CREATE ARRAY Attr_Example_Two < A: string, B: double, C: int32 > [ I=0:9,10,0 ];
show ( Attr_Example_Two )
[("Attr_Example_Two 8<A:string NOT NULL,B:double NOT NULL,C:int32 NOT NULL> [I=0:9,10,0]")]

Getting versions of an array : versions

Get a list of array versions for an array which has been declared as updatable.

Signature:

versions ( array_identifier )

Example:

versions(updarr)

[(1,"12/31/10 11:03:10"),(2,"12/31/10 12:22:17"),(3,"12/31/10 12:22:19")]

The output of the versions command is a list of versions, each of which has a version ID and a datestamp which is the date and time of creation of that version.


Loading and Unloading Plugins

SciDB supports user-defined types, functions, and operators using SciDB's extension architecture.
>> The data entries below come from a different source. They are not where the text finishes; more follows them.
Lemma grid_sum_S N g : grid_sum (S N) g = grid_sum N g + frame_sum N g.
Proof.
  unfold grid_sum, frame_sum. rewrite line_sum_S.
  rewrite (line_sum_ext N _ (fun a => (g (a, - (Z.of_nat N + 1))%Z
                                     + line_sum N (fun b => g (a, b))) + g (a, Z.of_nat N + 1)%Z)).
  - rewrite !line_sum_plus. ring.
  - intros z. apply line_sum_S.
Qed.

Section NonnegativeGrid.

Variable g : site -> R.
Hypothesis g_nonneg : forall x, 0 <= g x.

Lemma grid_sum_nonneg N : 0 <= grid_sum N g.
Proof. apply line_sum_nonneg. intros. apply line_sum_nonneg. auto. Qed.

Lemma frame_sum_nonneg N : 0 <= frame_sum N g.
Proof.
  unfold frame_sum.
  do 3 (apply Rplus_le_le_0_compat; [|apply line_sum_nonneg; auto]).
  apply line_sum_nonneg; auto.
Qed.

Lemma frame_sum_ge_term N x :
  in_square (S N) x -> ~ in_square N x -> g x <= frame_sum N g.
Proof.
  destruct x as [x1 x2]; unfold in_square; cbn [fst snd]; rewrite Nat2Z.inj_succ.
  intros Hin Hout. unfold frame_sum.
  set (n := (Z.of_nat N + 1)%Z).
  set (l1 := line_sum (S N) (fun b => g (- n, b)%Z)).
  set (l2 := line_sum (S N) (fun b => g (n, b))).
  set (l3 := line_sum N (fun a => g (a, - n)%Z)).
  set (l4 := line_sum N (fun a => g (a, n))).
  assert (0 <= l1 /\ 0 <= l2 /\ 0 <= l3 /\ 0 <= l4) as (H1 & H2 & H3 & H4)
    by (repeat split; apply line_sum_nonneg; auto).
  assert (Hx2 : (Z.abs x2 <= Z.of_nat (S N))%Z) by lia.
  destruct (Z.eq_dec x1 (- n)) as [->|E1].
  { pose proof (line_sum_ge_term _ (fun b => g (- n, b)%Z) x2 (fun _ => g_nonneg _) Hx2). subst l1 l2 l3 l4; lra. }
  destruct (Z.eq_dec x1 n) as [->|E2].
  { pose proof (line_sum_ge_term _ (fun b => g (n, b)) x2 (fun _ => g_nonneg _) Hx2). subst l1 l2 l3 l4; lra. }
  assert (Hx1 : (Z.abs x1 <= Z.of_nat N)%Z) by lia.
  destruct (Z.eq_dec x2 (- n)) as [->|E3].
  { pose proof (line_sum_ge_term _ (fun a => g (a, - n)%Z) x1 (fun _ => g_nonneg _) Hx1). subst l1 l2 l3 l4; lra. }
  replace x2 with n by lia.
  pose proof (line_sum_ge_term _ (fun a => g (a, n)) x1 (fun _ => g_nonneg _) Hx1). subst l1 l2 l3 l4; lra.
Qed.

Lemma grid_sum_le N M : (N <= M)%nat -> grid_sum N g <= grid_sum M g.
Proof.
  induction 1 as [|M _ IH]; [lra|].
  rewrite grid_sum_S. pose proof (frame_sum_nonneg M). lra.
Qed.
Lemma bar_bd_tupleE l : (0 < size l)%N ->
  bar_bd_tuple l = [seq ((-1) ^+ i, face i l) | i <- iota 0 (size l).+1].
Proof.
case: l => [//|g l] _.
have -> : iota 0 (size (g :: l)).+1 =
    0%N :: [seq (1 + i)%N | i <- iota 0 (size l)] ++ [:: (size l).+1].
  by rewrite -(iotaDl 1 0) addn0 -addn1 iotaD add0n.
rewrite map_cons face0 expr0 map_cat -map_comp /=; congr (_ :: _ ++ [:: (_, _)]).

  apply/eq_in_map => i; rewrite mem_iota add0n => /andP[_ il] /=.
  by rewrite face_mul.
by rewrite -[(size l).+1]/(size (g :: l)) face_last.
Qed.

End FacesAndInsertions.

(* With x i j the i-th face of the j-th insertion and y i j the j-th insertion
   into the i-th face, the off-diagonal terms cancel in pairs and the diagonal
   terms telescope. *)
Lemma alternating_homotopy_sum (x y : nat -> nat -> int) n :
  (forall i j, (i < j <= n)%N -> x i j = y i j.-1) ->
  (forall i j, (j.+1 < i <= n.+1)%N -> x i j = y i.-1 j) ->
  (forall j, (j < n)%N -> x j.+1 j = x j.+1 j.+1) ->
  \sum_(j < n.+1) (-1) ^+ j * \sum_(i < n.+2) (-1) ^+ i * x i j
  + \sum_(i < n.+1) (-1) ^+ i * \sum_(j < n) (-1) ^+ j * y i j
  = x 0%N 0%N - x n.+1 n.
Proof.
elim: n => [|n IHn] xy_lt xy_gt x_diag.
  by rewrite !big_ord_recr !big_ord0 /=; ring.
pose A := \sum_(j < n.+1) (-1) ^+ j * \sum_(i < n.+2) (-1) ^+ i * x i j.
pose B := \sum_(i < n.+1) (-1) ^+ i * \sum_(j < n) (-1) ^+ j * y i j.
have IH : A + B = x 0%N 0%N - x n.+1 n.
  apply: IHn => [i j /andP[ij /leqW jn]|i j /andP[ji /leqW in_]|j /ltnW jn].
  - by apply: xy_lt; rewrite ij.
  - by apply: xy_gt; rewrite ji.
  - exact: x_diag.
pose P := \sum_(j < n.+1) (-1) ^+ j * y n.+1 j.
pose Q := \sum_(i < n.+1) (-1) ^+ i * y i n.
have splitA : \sum_(j < n.+2) (-1) ^+ j * \sum_(i < n.+3) (-1) ^+ i * x i j =
    A + (-1) ^+ n.+2 * P + (-1) ^+ n.+1 * (Q + (-1) ^+ n.+1 * x n.+1 n.+1
                                           + (-1) ^+ n.+2 * x n.+2 n.+1).
  rewrite big_ord_recr /=; congr (_ + _).
    rewrite /A /P mulr_sumr -big_split /=; apply: eq_bigr => j _.
    rewrite big_ord_recr /= mulrDr (xy_gt n.+2 j); first by rewrite mulrCA.
    by rewrite ltnS ltn_ord leqnn.
  rewrite 2!big_ord_recr /= /Q; congr (_ * (_ + _ + _)).
  by apply: eq_bigr => i _; rewrite xy_lt // ltn_ord leqnn.
have splitB : \sum_(i < n.+2) (-1) ^+ i * \sum_(j < n.+1) (-1) ^+ j * y i j =
    B + (-1) ^+ n * Q + (-1) ^+ n.+1 * P.
  rewrite big_ord_recr /=; congr (_ + _).
  rewrite /B /Q mulr_sumr -big_split /=; apply: eq_bigr => i _.
  by rewrite big_ord_recr /= mulrDr mulrCA.
rewrite splitA splitB -x_diag // -[x 0%N 0%N](subrK (x n.+1 n)) -IH.
have sign_sq : ((-1) ^+ n * (-1) ^+ n : int) = 1 by rewrite -expr2 sqrr_sign.
rewrite !exprS; clearbody A B P Q; move: ((-1) ^+ n) sign_sq => e sign_sq.
transitivity (A + B + e * e * (x n.+1 n - x n.+2 n.+1)); first ring.
by rewrite sign_sq mul1r; ring.
Qed.

Section Prism.
Variables (G : groupType) (t : G).
Implicit Types (s l tau : seq G) (c : chain G) (Phi : seq G -> int).

Definition prism s : chain G :=
  [seq ((-1) ^+ j, tinsert t j s) | j <- iota 0 (size s).+1].

Lemma cross_t_tupleE s : {in s, forall h, (h ^ t)%g = h} ->
  cross_t_tuple t s = cscale ((-1) ^+ size s) (prism s).
Proof.
move=> fix_s; rewrite /prism /cscale -map_comp; apply/eq_in_map => j.
rewrite mem_iota ltnS => /andP[_ js] /=.
rewrite tinsertE // map_id_in => [|h /mem_drop /fix_s //].
by rewrite -{2}(subnK js) exprD -mulrA -expr2 sqrr_sign mulr1.
Qed.

Lemma ceval_bar_bd_tuple l Phi : (0 < size l)%N ->
  ceval (bar_bd_tuple l) Phi = \sum_(i < (size l).+1) (-1) ^+ i * Phi (face i l).
Proof. by move=> l_gt0; rewrite bar_bd_tupleE // ceval_iota. Qed.

Lemma ceval_prism s Phi :
  ceval (prism s) Phi = \sum_(j < (size s).+1) (-1) ^+ j * Phi (tinsert t j s).
Proof. exact: ceval_iota. Qed.

Lemma of_degree_bar_bd_tuple s : of_degree (size s).-1 (bar_bd_tuple s).
Proof.
case: s => [|g l]; first by move=> s; rewrite /coef big_nil eqxx.
rewrite bar_bd_tupleE //; apply: of_degree_seq => _ /mapP[i _ ->].
exact: size_face.
Qed.

Lemma of_degree_prism s : of_degree (size s).+1 (prism s).
Proof. by apply: of_degree_seq => _ /mapP[j _ ->]; apply: size_tinsert. Qed.

Lemma prism_homotopy_tuple tau Phi :
  ceval (bar_bd (prism tau)) Phi + ceval (lin_ext prism (bar_bd_tuple tau)) Phi
  = Phi (map (conjg^~ t) tau) - Phi tau.
Proof.
rewrite bar_bdE !ceval_lin_ext ceval_prism.
under eq_bigr do rewrite ceval_bar_bd_tuple ?size_tinsert //.
have -> : ceval (bar_bd_tuple tau) (fun s => ceval (prism s) Phi) =
    \sum_(i < (size tau).+1) (-1) ^+ i *
      \sum_(j < size tau) (-1) ^+ j * Phi (tinsert t j (face i tau)).
  case: tau => [|g l]; first by rewrite /ceval !big_nil big1 // => i _; rewrite big_ord0 mulr0.
  rewrite ceval_bar_bd_tuple //; apply: eq_bigr => i _.
  by rewrite ceval_prism size_face.
rewrite (alternating_homotopy_sum (x := fun i j => Phi (face i (tinsert t j tau)))
                                  (y := fun i j => Phi (tinsert t j (face i tau)))).
- by rewrite face0_tinsert0 face_last_tinsert_last.
- by move=> i j ijs; rewrite face_tinsert_lt.
- by move=> i j jis; rewrite face_tinsert_gt.
- by move=> j js; rewrite face_tinsert_succ.
Qed.

Lemma prism_homotopy c :
  ceq (cadd (bar_bd (lin_ext prism c)) (lin_ext prism (bar_bd c)))
      (csub (cmap (conjg^~ t) c) c).
Proof.
apply/ceqP => Phi; rewrite /csub !ceval_cat ceval_cscale ceval_cmap !bar_bdE.
rewrite !ceval_lin_ext /ceval mulr_sumr -!big_split; apply: eq_bigr => p _ /=.
move: (prism_homotopy_tuple p.2 Phi); rewrite bar_bdE !ceval_lin_ext /ceval => hp.
by rewrite -mulrDr hp mulrBr mulN1r.
Qed.

Lemma cross_t_prism (K : {pred G}) m c :
  {in K, forall h, (h ^ t)%g = h} -> of_degree m c -> supported_in K c ->
  ceq (cross_t t c) (cscale ((-1) ^+ m) (lin_ext prism c)).
Proof.
move=> fixK c_deg c_K; apply/ceqP => Phi.
rewrite ceval_cscale ceval_lin_ext -cevalZ ceval_lin_ext.
apply: eq_ceval_supp => tau c_tau.
rewrite cross_t_tupleE ?ceval_cscale ?(c_deg _ c_tau) // => h /(allP (c_K _ c_tau)).
exact: fixK.
Qed.
End Prism.

Theorem lemma2p5 (G : groupType) (H G1 G2 : {pred G}) :
  group_closed H -> group_closed G1 -> group_closed G2 ->
  {subset H <= G1} -> {subset H <= G2} ->
  forall t : G,
  (forall x : G, x \in G2 <-> exists2 g, g \in G1 & x = (g ^ t)%g) ->
  (forall h : G, h \in H -> (h ^ t)%g = h) ->
  forall k : nat, (1 <= k)%N ->
  forall z : chain G, rel_cycle G1 H k z ->
    rel_homologous (@predT G) G2 k z
      (cscale ((-1) ^+ k) (cross_t t (connecting z))).
Proof.
move=> _ _ _ _ _ t G2_conj H_fixed k k_gt0 z [z_deg z_G1 bdz_H].
have bdz_deg : of_degree k.-1 (bar_bd z).
  by apply: of_degree_lin_ext z_deg _ => tau <-; apply: of_degree_bar_bd_tuple.
exists (cscale (-1) (lin_ext (prism t) z)), (cmap (conjg^~ t) z); split.
- apply/of_degree_cscale/(of_degree_lin_ext z_deg) => tau <-.
  exact: of_degree_prism.
- by move=> s _; apply/allP.
- exact: of_degree_cmap.
- by apply: supported_in_cmap z_G1 => x x_G1; apply/G2_conj; exists x.
apply/ceqP => Phi; move/ceqP/(_ Phi): (prism_homotopy t z).
move/ceqP/(_ Phi): (cross_t_prism H_fixed bdz_deg bdz_H).
rewrite /connecting /csub !ceval_cat !ceval_cscale ceval_bar_bd_cscale => ->.
have sign : (-1) ^+ k * (-1) ^+ k.-1 = -1 :> int.
  by case: (k) k_gt0 => // n _; rewrite exprS -mulrA -expr2 sqrr_sign mulr1.
by rewrite [(-1) ^+ k * _]mulrA sign; lia.
Qed.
Operators are written using the UDO array API. For details on how to write a user-defined function or type for SciDB, please refer to the "SciDB Plugins" documentation for this release. Plugins are built as shared libraries and are loaded from the plugin directory specified in the config.ini file.

load_library

load_library( 'librational.so' );

Loading a plugin registers the library in the SciDB system catalog. Plugins registered with the SciDB instance will be loaded at system start time. Plugins will be re-loaded from the .so file on system restart.

unload_library

To unload a library,

unload_library( 'librational' )

This command will unregister the library in the system catalog. The library will not be loaded on next restart, but will remain available for reload.